How many lines in the entries below contain the string "case"? Reply with the number only.

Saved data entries
⟨
Lemma sum_draws2_card (I : finType) (P : {set I}) (fx fy : I -> {set 'I_n}) j r :
  j <= r -> (forall i, i \in P -> #|fx i| = j /\ #|fy i| = j) ->
  \sum_(X in draws r) \sum_(Y in draws r)
    #|[set i in P | (fx i \subset X) && (fy i \subset Y)]| = #|P| * 'C(n - j, r - j) ^ 2.
Proof.
move=> jr cardP.
have cardE X Y : #|[set i in P | (fx i \subset X) && (fy i \subset Y)]| =
    \sum_(i in P) (fx i \subset X : nat) * (fy i \subset Y : nat).
  rewrite -sum_nat_of_bool_card; apply: eq_bigr => i _.
  by case: (fx i \subset X); case: (fy i \subset Y).
under eq_bigr do under eq_bigr do rewrite cardE.
under eq_bigr do rewrite exchange_big /=.
rewrite exchange_big /= -sum_nat_const; apply: eq_bigr => i /cardP[cardx cardy].
by rewrite -big_distrlr /= !sum_nat_of_bool_card !card_draws_superset ?cardx ?cardy // mulnn.
Qed.

Lemma copy_in_setIX (S : {set 'I_n * 'I_n}) (X Y : {set 'I_n}) xy :
  copy_in pi (S :&: setX X Y) xy =
  copy_in pi S xy && ((xy.1 @: setT \subset X) && (xy.2 @: setT \subset Y)).
Proof.
case: xy => x y; rewrite /copy_in /=; case: (incr_idx x) (incr_idx y) => [] [] //=.
apply/forallP/andP => [h|[/forallP h /andP[hX hY]] i].
  split; first by apply/forallP=> i; have /setIP[] := h i.
  apply/andP; split; apply/subsetP=> _ /imsetP[i _ ->].
    by have /setIP[_ /setXP[]] := h i.
  by have /setIP[_ /setXP[]] := h (pi^-1 i)%g; rewrite permKV.
rewrite inE h inE /=; apply/andP; split; [apply: (subsetP hX) | apply: (subsetP hY)].
  by apply/imsetP; exists i; rewrite ?inE.
by apply/imsetP; exists (pi i); rewrite ?inE.
Qed.

(* Averaging the removal bound over all r x r submatrices: a point lies in
   C(n-1, r-1)^2 of them, a copy of pi in C(n-k, r-k)^2. *)
Lemma averaged_removal r (S : {set 'I_n * 'I_n}) : k <= r -> r <= n ->
  #|S| * 'C(n - 1, r - 1) ^ 2 <=
  'C(n, r) ^ 2 * (mt_const k * r) + copies_in pi S * 'C(n - k, r - k) ^ 2.
Proof.
move=> kr rn; have r_gt0 : 0 < r by apply: leq_trans kr; apply: ltnW.
have -> : #|S| * 'C(n - 1, r - 1) ^ 2 =
    \sum_(X in draws r) \sum_(Y in draws r) #|S :&: setX X Y|.
  rewrite -(@sum_draws2_card _ S (fun p => [set p.1]) (fun p => [set p.2]) 1 r) //.
    apply: eq_bigr => X _; apply: eq_bigr => Y _; apply: eq_card => p.
    by rewrite !inE !sub1set.
  by move=> p _; rewrite !cards1.
have -> : copies_in pi S * 'C(n - k, r - k) ^ 2 =
    \sum_(X in draws r) \sum_(Y in draws r) copies_in pi (S :&: setX X Y).
  rewrite -(@sum_draws2_card _ [set xy | copy_in pi S xy]
    (fun xy => xy.1 @: setT) (fun xy => xy.2 @: setT) k r) //.
    apply: eq_bigr => X _; apply: eq_bigr => Y _; apply: eq_card => xy.
    by rewrite !inE copy_in_setIX.
  move=> xy; rewrite inE => /and3P[x_incr y_incr _].
  by rewrite !card_imset ?cardsT ?card_ord //; apply: incr_idx_inj.
have -> : 'C(n, r) ^ 2 * (mt_const k * r) =
    \sum_(X in draws r) \sum_(Y in draws r) mt_const k * r.
  by rewrite !sum_nat_const /draws card_draws card_ord !mulnA mulnn.
rewrite -big_split; apply: leq_sum => X /[!inE] /eqP cardX.
rewrite -big_split; apply: leq_sum => Y /[!inE] /eqP cardY.
by apply: card_le_mt_copies (subsetIr _ _) _ _; rewrite ?cardX ?cardY.
Qed.

End Supersaturation.

Lemma bin_sub_mul_le n r j : j <= r -> r <= n ->
  'C(n - j, r - j) * n ^ j <= 'C(n, r) * r ^ j.
Proof.
move=> + rn; elim: j => [|j IH] jr; first by rewrite !subn0.
have nj_gt0 : 0 < n - j by rewrite subn_gt0 (leq_trans jr).
have rec := mul_bin_diag (n - j) (r - j.+1).
rewrite -subnS -subSn // subSS in rec.
rewrite -(leq_pmul2l nj_gt0) !mulnA rec !expnS.
apply: (@leq_trans ((r - j) * n * ('C(n, r) * r ^ j))).
  by rewrite -!mulnA leq_mul2l mulnCA leq_mul2l IH ?orbT // ltnW.
have -> : (n - j) * 'C(n, r) * (r * r ^ j) = (n - j) * r * ('C(n, r) * r ^ j) by ring.
by rewrite leq_mul2r; apply/orP; right; nia.
Qed.

Lemma leq_mt_const k : k <= mt_const k.
Proof.
rewrite /mt_const addn1 mulnS (leq_trans _ (leq_addr _ _)) //.
by case: k => // k; rewrite -mulnn -!mulnA leq_pmulr.
Qed.

Lemma exists_averaging_size k A n w :
  0 < A -> k <= A -> 0 < w -> 4 * A * n <= w -> w <= n * n ->
  exists r, [/\ k <= r, r <= n, 2 * A * (n * n) <= r * w & r * w <= 4 * A * (n * n)].
Proof.
move=> A_gt0 kA w_gt0 wAn wn.
pose r := (2 * A * (n * n) + w - 1) %/ w.
have := divn_eq (2 * A * (n * n) + w - 1) w; have := ltn_pmod (2 * A * (n * n) + w - 1) w_gt0.
rewrite -/r; set rem := _ %% w => rem_lt rE.
have rw_ge : 2 * A * (n * n) <= r * w by lia.
have rw_le : r * w <= 2 * A * (n * n) + w by lia.
have nn_gt0 : 0 < n * n by apply: leq_trans wn.
exists r; split => //.
- have two_A_le : 2 * A <= r.
    by rewrite -(leq_pmul2r nn_gt0) (leq_trans rw_ge) // leq_mul2l wn orbT.
  by rewrite (leq_trans kA) // (leq_trans _ two_A_le) // leq_pmull.
- by rewrite leqNgt; apply/negP=> nr; have := leq_mul nr (leqnn w); nia.
- have : n * n <= A * (n * n) by rewrite leq_pmull.
  nia.
Qed.

Section SupersaturationBound.
Variables (k : nat) (pi : 'S_k).
Hypothesis k_gt1 : 1 < k.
⟩
(ANSWER TO THIS PROBLEM): 3